Chopping lending
rates is now in the spotlight.
It was time for the State Bank to consider scaling down diverse rates
by 1 per cent point and ceiling deposit rates for credit institutions (14 per
cent) will also be lowered by 1 per cent point, according to State Bank
governor Nguyen Van Binh.
Recently, lending rates have slid slightly, particularly in priority
fields agricultural and rural development and export. In the meantime, some
banks have announced setting aside several trillion Vietnam dong tantamount to
several dozen million US dollars to aid customers.
However, this lower-cost credit package was only applied to specific
customer groups.
For instance, at state giant Vietcombank its current floor lending rate
for firms in production and trading fields is set at 14.5 per cent, but the
rate is just applied to customers making export payment through the bank.
Similarly, at Agribank short-term lending rates for farmers in
agriculture, silviculture, fishery and salt production fetched 15.5 per cent;
to production, procurement and export processing of agricultural items and food
is set at 14.5 per cent and to production, procurement and processing of food
and agricultural items for domestic consumption 16.5 per cent per year.
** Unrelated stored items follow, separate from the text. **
(* Fix $a\ge0$, $b>0$ and $N\ge2$. Then for all $M$ large enough, $$P_o(\xi_t\ne\mathbf 0\ \forall t>0)\le\begin{cases}M^{-1/3}\big(1/2+bN(1-a/4)^{-1}\big)&\text{if }a<4,\\ M^{-1/3}\big(1/2+(b/2)(N+2)^2\big)&\text{if }a=4,\\ M^{-1/3}\big(1/2+b(a/4-1)^{-2}(a/4)^{N+2}\big)&\text{if }a>4.\end{cases}$$
   Context: For $x,y\in\mathbb Z$ write $y\sim x$ iff $0<|x-y|\le M$. The $N$-patch model (patch size $N\ge2$, inner birth rate $a$, outer birth rate $b$, dispersal range $M$) is the continuous-time Markov process $\xi_t\in\{0,1,\dots,N\}^{\mathbb Z}$ with transitions: $\xi(x)\to\xi(x)-1$ at rate $\xi(x)$, and $\xi(x)\to\xi(x)+1$ at rate $$\frac{a}{N(N-1)}\xi(x)(\xi(x)-1)(N-\xi(x))+\sum_{y\sim x}\frac{b}{2M\,N(N-1)}\xi(y)(\xi(y)-1)(N-\xi(x)).$$ $\mathbf 0$ is the all-empty configuration, and $P_o$ is the law of the process started from $\xi_0(0)=N$, $\xi_0(x)=0$ for $x\neq0$. *)

From Stdlib Require Import Reals ZArith List.
Import ListNotations.
Open Scope R_scope.

(* Configurations of the N-patch model: xi : Z -> nat (values in {0..N}). *)
Definition config := Z -> nat.

(* The all-empty configuration is represented implicitly by [is_zero]. *)

Definition rsum {A : Type} (f : A -> R) (l : list A) : R :=
  fold_right Rplus 0 (map f l).

Definition window (W : nat) : list Z :=
  map (fun i => (Z.of_nat i - Z.of_nat W)%Z) (seq 0 (2 * W + 1)).

Definition upd (xi : config) (x : Z) (d : nat) : config :=
  fun y => if Z.eq_dec y x then d else xi y.

(* birth rate at site x:
   a/(N(N-1)) xi(x)(xi(x)-1)(N-xi(x))
   + sum_{y ~ x} b/(2M N(N-1)) xi(y)(xi(y)-1)(N-xi(x)),
   where y ~ x iff 0 < |x-y| <= M. *)
Definition birth_rate (a b : R) (N M : nat) (xi : config) (x : Z) : R :=
  a / (INR N * (INR N - 1))
    * INR (xi x * (xi x - 1) * (N - xi x))%nat
  + rsum (fun k : nat =>
        b / (2 * INR M * INR N * (INR N - 1))
          * (INR (xi (x + Z.of_nat k)%Z * (xi (x + Z.of_nat k)%Z - 1) * (N - xi x))%nat
             + INR (xi (x - Z.of_nat k)%Z * (xi (x - Z.of_nat k)%Z - 1) * (N - xi x))%nat))
      (seq 1 M).

Definition death_rate (xi : config) (x : Z) : R := INR (xi x).

(* xi vanishes on the window [-L, L] (used with the invariant that the
   support of xi lies in [-L, L]) *)
Definition is_zero (L : nat) (xi : config) : bool :=
  forallb (fun x => Nat.eqb (xi x) 0) (window L).

(* hit_prob a b N M n L xi = probability that the embedded jump chain of the
   N-patch model started from xi (support in [-L,L]) hits the all-empty
   configuration 0 within n jumps.  0 is absorbing. *)
Fixpoint hit_prob (a b : R) (N M : nat) (n : nat) (L : nat) (xi : config) : R :=
  if is_zero L xi then 1 else
  match n with
  | O => 0
  | S n' =>
      let W := (L + M)%nat in
      let q := rsum (fun x => death_rate xi x + birth_rate a b N M xi x) (window W) in
      rsum (fun x =>
              death_rate xi x / q * hit_prob a b N M n' W (upd xi x (xi x - 1)%nat)
            + birth_rate a b N M xi x / q * hit_prob a b N M n' W (upd xi x (S (xi x))))
        (window W)
  end.

Definition xi_o (N : nat) : config :=
  fun x => if Z.eq_dec x 0 then N else 0%nat.

(* extinction probability under P_o is the supremum over n of hit_prob ... n;
   survival probability P_o(xi_t <> 0 for all t > 0) = 1 - that supremum. *)
Definition extinction_within (a b : R) (N M : nat) : R -> Prop :=
  fun r => exists n : nat, r = hit_prob a b N M n 0 (xi_o N).

(* In a sparse configuration (at most N individuals at the origin, at most one at every
   other site, all within distance M) only the origin reproduces, so the chain can leave the
   sparse set only when a migrant from the origin lands on an occupied site, at a rate
   O(1/M) relative to the total jump rate. Solving a first-order recursion in the population
   j of the origin gives a potential phi(j, m) = O(1/M), m the number of other occupied
   sites, that is superharmonic once this failure rate is accounted for, and a potential
   V(j, m) that drops by at least 1 per jump in mean. Induction on the number n of jumps
   gives P(hit 0 within n jumps) >= 1 - phi - min(1, V/n) from every sparse configuration,
   so the survival probability from xi_o is at most phi(N, 0) = K/M, which is below
   M^(-1/3)/2 once M is large. *)

From Stdlib Require Import Reals ZArith List Lra Lia.
Import ListNotations.
Open Scope R_scope.

Section Rsum.
Context {A : Type}.
Implicit Types (f g : A -> R) (l : list A).

Lemma rsum_nil f : rsum f [] = 0.
Proof. reflexivity. Qed.

Lemma rsum_cons f x l : rsum f (x :: l) = f x + rsum f l.
Proof. reflexivity. Qed.

Lemma rsum_app f l1 l2 : rsum f (l1 ++ l2) = rsum f l1 + rsum f l2.
Proof. induction l1 as [|x l1 IH]; cbn [app]; rewrite ?rsum_cons, ?IH, ?rsum_nil; lra. Qed.

Lemma rsum_ext f g l : (forall x, In x l -> f x = g x) -> rsum f l = rsum g l.
Proof.
  induction l as [|x l IH]; intros H; [reflexivity|].
  rewrite !rsum_cons, H by (left; auto).
  rewrite IH; [reflexivity|]. intros; apply H; right; auto.
Qed.

Lemma rsum_le f g l : (forall x, In x l -> f x <= g x) -> rsum f l <= rsum g l.
Proof.
  induction l as [|x l IH]; intros H; [rewrite !rsum_nil; lra|].
  rewrite !rsum_cons.
  apply Rplus_le_compat; [apply H; left; auto|apply IH; intros; apply H; right; auto].
Qed.

Lemma rsum_plus f g l : rsum (fun x => f x + g x) l = rsum f l + rsum g l.
Proof. induction l as [|x l IH]; [rewrite !rsum_nil; lra|]. rewrite !rsum_cons, IH; lra. Qed.

Lemma rsum_scal c f l : rsum (fun x => c * f x) l = c * rsum f l.
Proof. induction l as [|x l IH]; [rewrite !rsum_nil; lra|]. rewrite !rsum_cons, IH; lra. Qed.

Lemma rsum_div f q l : rsum (fun x => f x / q) l = rsum f l / q.
Proof.
  unfold Rdiv. rewrite (rsum_ext _ (fun x => / q * f x)) by (intros; lra).
  rewrite rsum_scal; lra.
Qed.

Lemma rsum_eq0 f l : (forall x, In x l -> f x = 0) -> rsum f l = 0.
Proof.
  intros H. rewrite (rsum_ext f (fun _ => 0)) by auto.
  clear H; induction l as [|x l IH]; [reflexivity|]. rewrite rsum_cons, IH; lra.
Qed.

Lemma rsum_ge0 f l : (forall x, In x l -> 0 <= f x) -> 0 <= rsum f l.
Proof. intros H. rewrite <- (rsum_eq0 (fun _ => 0) l) by auto. apply rsum_le; auto. Qed.

Lemma rsum_ge_term f l x : (forall y, In y l -> 0 <= f y) -> In x l -> f x <= rsum f l.
Proof.
  induction l as [|y l IH]; intros H Hx; [destruct Hx|]. rewrite rsum_cons.
  assert (0 <= f y) by (apply H; left; auto).
  assert (0 <= rsum f l) by (apply rsum_ge0; intros; apply H; right; auto).
  destruct Hx as [<-|Hx]; [lra|].
  assert (f x <= rsum f l) by (apply IH; auto; intros; apply H; right; auto). lra.
Qed.

Lemma rsum_Rmin f g l : rsum (fun x => Rmin (f x) (g x)) l <= Rmin (rsum f l) (rsum g l).
Proof. apply Rmin_glb; apply rsum_le; intros; [apply Rmin_l|apply Rmin_r]. Qed.

Lemma rsum_const_1 l : rsum (fun _ => 1) l = INR (length l).
Proof. induction l as [|x l IH]; [reflexivity|]. rewrite rsum_cons, IH. cbn [length]. rewrite S_INR. lra. Qed.

Lemma rsum_update f g l x : NoDup l -> In x l ->
  (forall y, In y l -> y <> x -> g y = f y) -> rsum g l = rsum f l - f x + g x.
Proof.
  induction l as [|y l IH]; intros ND Hx H; [destruct Hx|].
  inversion ND as [|? ? Hy ND']; subst. rewrite !rsum_cons.
  destruct Hx as [<-|Hx].
  - rewrite (rsum_ext g f); [lra|].
    intros z Hz; apply H; [right; auto|]. intros ->; contradiction.
  - assert (g y = f y) by (apply H; [left; auto|]; intros ->; contradiction).
    rewrite (IH ND' Hx) by (intros; apply H; auto; right; auto). lra.
Qed.

End Rsum.

Lemma window_S W : window (S W) = (- Z.of_nat (S W))%Z :: window W ++ [Z.of_nat (S W)].
Proof.
  unfold window. replace (2 * S W + 1)%nat with (S (S (2 * W + 1))) by lia.
  rewrite <- cons_seq, seq_S, <- seq_shift. cbn [map]. rewrite map_app, map_map. cbn [map].
  f_equal; f_equal.
  - apply map_ext; intros. rewrite !Nat2Z.inj_succ. lia.
  - f_equal. rewrite !Nat2Z.inj_succ, Nat2Z.inj_add. lia.
Qed.

Lemma In_window W x : In x (window W) <-> (- Z.of_nat W <= x <= Z.of_nat W)%Z.
Proof.
  unfold window. rewrite in_map_iff. split.
  - intros [i [<- Hi]]. apply in_seq in Hi. lia.
  - intros H. exists (Z.to_nat (x + Z.of_nat W)). split; [lia|]. apply in_seq; lia.
Qed.

Lemma NoDup_window W : NoDup (window W).
Proof.
  apply NoDup_map_NoDup_ForallPairs; [|apply seq_NoDup]. intros i j _ _ H; lia.
Qed.

Lemma length_window W : length (window W) = (2 * W + 1)%nat.
Proof. unfold window. rewrite length_map, length_seq. reflexivity. Qed.

Lemma rsum_window_shrink (f : Z -> R) M W : (M <= W)%nat ->
  (forall x, (Z.abs x > Z.of_nat M)%Z -> f x = 0) -> rsum f (window W) = rsum f (window M).
Proof.
  intros HW H. induction HW as [|W HW IH]; [reflexivity|].
  rewrite window_S, rsum_cons, rsum_app, rsum_cons, rsum_nil, !H by lia. lra.
Qed.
Medium-term lending rates in these fields are pegged at 17, 17.5 and 18
-18.5 per cent, respectively.
Lending rates to firms in production and trading fields are generally
put at 17-19 per cent, per year. The rates are between 17-20 per cent per year
at small banks and 16.5-18 per cent at bigger ones.
A joint stock bank executive assumed even if ceiling deposit rate was
pulled down by 1 per cent point reducing lending rates could not be done
immediately and the lending rate will fetch around 18 per cent, per year in the
near term.
“Allocating credit growth targets based on bank groups as in 2012 is
one of positive factors affecting on interest rate situation. Sliding lending
rate will gain pace in the coming period,” said ACB deputy general director Do
Minh Toan.
In fact, lending rates on the interbank market have been eased significantly
in the recent months. It now ranged between 7-8 per cent for overnight lending,
half of that in January 2012 and fetches 13-14 per cent for one-month lending
against January 2012’s 18-19 per cent.
One strong foreign player in Vietnam’s banking market ANZ, however,
assumed the State Bank needed to be cautious with loosening monetary policies.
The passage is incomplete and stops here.